**Task details**
Which lines run from the line with "have CBk : C - B = k *: (A - B)." through the line with "The substitution theta" in the entries below? Print them exactly, both ends included, and nothing more.

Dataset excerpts
------------------------------------------------
(** The sign condition says that [A] and [C] lie on the same side of [B]. *)
Lemma antiparallel_edges_overlap A B C n : unit_normal n (B - A) -> unit_normal n (C - B) ->
  dot (B - A) (rot n) * dot (C - B) (rot n) < 0 ->
  exists2 q, (segment A B `&` segment B C) q & q <> B.
Proof.
move=> uAB uBC; set c1 := dot (B - A) (rot n); set c2 := dot (C - B) (rot n) => c12.
have c1_neq0 : c1 != 0 by apply/negP => /eqP c10; move: c12; rewrite c10 mul0r ltxx.
set k := - (c2 / c1).
have k_gt0 : 0 < k.
  have -> : k = - (c1 * c2) / c1 ^+ 2 by rewrite /k; field.
  by rewrite divr_gt0 ?oppr_gt0 // exprn_even_gt0.
have CBk : C - B = k *: (A - B).
  rewrite [LHS](unit_normal_rot uBC) -(opprB B A) [B - A](unit_normal_rot uAB) -/c1 -/c2.
  by rewrite scalerN scalerA /k mulNr scaleNr opprK mulfVK.
set mu := (1 + k)^-1.
have mu_gt0 : 0 < mu by rewrite invr_gt0 addr_gt0.
have mu_lt1 : mu < 1 by rewrite invf_lt1 ?ltrDl // addr_gt0.
exists ((1 - mu) *: A + mu *: B).
  split; first by exists mu; split => //; rewrite !ltW.
  exists mu; split; first by rewrite !ltW.
  have muk : mu * k = 1 - mu by rewrite /mu; field; rewrite gt_eqF // addr_gt0.
  by rewrite -[C](subrK B) CBk scalerDr scalerA muk; vec_ring.
move=> qB; have : (1 - mu) *: (A - B) = (1 - mu) *: A + mu *: B - B by vec_ring.
rewrite qB subrr => /eqP; rewrite scaler_eq0 subr_eq0 (gt_eqF mu_lt1) /= subr_eq0 => /eqP AB.
by move: c1_neq0; rewrite /c1 AB subrr dot0l eqxx.
Qed.
(* Write z = p + i q, p = sigmaeps / (sqrt 2 sigma0) > 0, q = (x - theta0) / (sqrt 2 sigma0).
   The substitution theta = theta0 + sqrt 2 sigma0 u turns the two integrals of the posterior
   mean into the real and imaginary parts of V(1), where V(t) = int e^(-u^2) / (t z - i u) du.
   Differentiating under the integral sign and integrating by parts in u gives
   V'(t) = 2 t z^2 V(t) - 2 G z with G = int e^(-u^2) du, and t |-> G sqrt(pi) erfcx(t z) solves
   the same linear equation, so their difference times e^(-(t z)^2) is constant.  As t -> 0+
   the kernel becomes a Cauchy kernel of vanishing width, so V(t) -> pi; this identifies the
   constant and gives V(1) = (pi - G sqrt(pi)) e^(z^2) + G sqrt(pi) erfcx(z).  For real z the
   bounds 0 < V(1) <= G / p then force G^2 = pi, hence V(1) = pi erfcx(z). *)

From Stdlib Require Import Reals Lra.
From Coquelicot Require Import Coquelicot.
Open Scope R_scope.

(** * Improper Riemann integrals over the real line *)

Definition is_improper_RInt (f : R -> R) (l : R) : Prop :=
  (forall a b, ex_RInt f a b) /\
  (forall eps, 0 < eps -> exists M, forall a b, a < - M -> M < b ->
     Rabs (RInt f a b - l) < eps).

Definition improper_RInt (f : R -> R) : R :=
  RInt_gen f (Rbar_locally m_infty) (Rbar_locally p_infty).

Lemma Rabs_bounds_le (M : R) : - Rabs M <= M <= Rabs M /\ - Rabs M <= - M <= Rabs M.
Proof. pose proof (Rle_abs M); pose proof (Rle_abs (- M)); rewrite Rabs_Ropp in *; lra. Qed.

Lemma is_improper_RInt_plus (f g : R -> R) (lf lg : R) :
  is_improper_RInt f lf -> is_improper_RInt g lg ->
  is_improper_RInt (fun u => f u + g u) (lf + lg).
Proof.
  intros [Ef Lf] [Eg Lg]. split.
  - intros a b. apply (ex_RInt_plus f g); auto.
  - intros eps He. destruct (Lf (eps / 2)) as [M1 HM1]; [lra|].
    destruct (Lg (eps / 2)) as [M2 HM2]; [lra|].
    exists (Rmax M1 M2); intros a b Ha Hb.
    pose proof (Rmax_l M1 M2); pose proof (Rmax_r M1 M2).
    specialize (HM1 a b ltac:(lra) ltac:(lra)). specialize (HM2 a b ltac:(lra) ltac:(lra)).
    replace (RInt (fun u => f u + g u) a b) with (RInt f a b + RInt g a b)
      by (symmetry; exact (RInt_plus f g a b (Ef a b) (Eg a b))).
    replace (RInt f a b + RInt g a b - (lf + lg)) with ((RInt f a b - lf) + (RInt g a b - lg)) by ring.
    eapply Rle_lt_trans; [apply Rabs_triang | lra].
Qed.

Lemma is_improper_RInt_le (f g : R -> R) (lf lg : R) :
  is_improper_RInt f lf -> is_improper_RInt g lg -> (forall u, f u <= g u) -> lf <= lg.
Proof.
  intros [Ef Lf] [Eg Lg] Hfg.
  apply Rnot_lt_le; intros Hlt.
  destruct (Lf ((lf - lg) / 2)) as [M1 HM1]; [lra|].
  destruct (Lg ((lf - lg) / 2)) as [M2 HM2]; [lra|].
  set (M := Rabs M1 + Rabs M2 + 1).
  pose proof (Rabs_bounds_le M1); pose proof (Rabs_bounds_le M2).
  specialize (HM1 (- M) M ltac:(unfold M; lra) ltac:(unfold M; lra)).
  specialize (HM2 (- M) M ltac:(unfold M; lra) ltac:(unfold M; lra)).
  assert (RInt f (- M) M <= RInt g (- M) M) by (apply RInt_le; auto; unfold M; lra).
  apply Rabs_def2 in HM1; apply Rabs_def2 in HM2. lra.
Qed.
------------------------------------------------
**Response for this exercise**
have CBk : C - B = k *: (A - B).
  rewrite [LHS](unit_normal_rot uBC) -(opprB B A) [B - A](unit_normal_rot uAB) -/c1 -/c2.
  by rewrite scalerN scalerA /k mulNr scaleNr opprK mulfVK.
set mu := (1 + k)^-1.
have mu_gt0 : 0 < mu by rewrite invr_gt0 addr_gt0.
have mu_lt1 : mu < 1 by rewrite invf_lt1 ?ltrDl // addr_gt0.
exists ((1 - mu) *: A + mu *: B).
  split; first by exists mu; split => //; rewrite !ltW.
  exists mu; split; first by rewrite !ltW.
  have muk : mu * k = 1 - mu by rewrite /mu; field; rewrite gt_eqF // addr_gt0.
  by rewrite -[C](subrK B) CBk scalerDr scalerA muk; vec_ring.
move=> qB; have : (1 - mu) *: (A - B) = (1 - mu) *: A + mu *: B - B by vec_ring.
rewrite qB subrr => /eqP; rewrite scaler_eq0 subr_eq0 (gt_eqF mu_lt1) /= subr_eq0 => /eqP AB.
by move: c1_neq0; rewrite /c1 AB subrr dot0l eqxx.
Qed.
(* Write z = p + i q, p = sigmaeps / (sqrt 2 sigma0) > 0, q = (x - theta0) / (sqrt 2 sigma0).
   The substitution theta = theta0 + sqrt 2 sigma0 u turns the two integrals of the posterior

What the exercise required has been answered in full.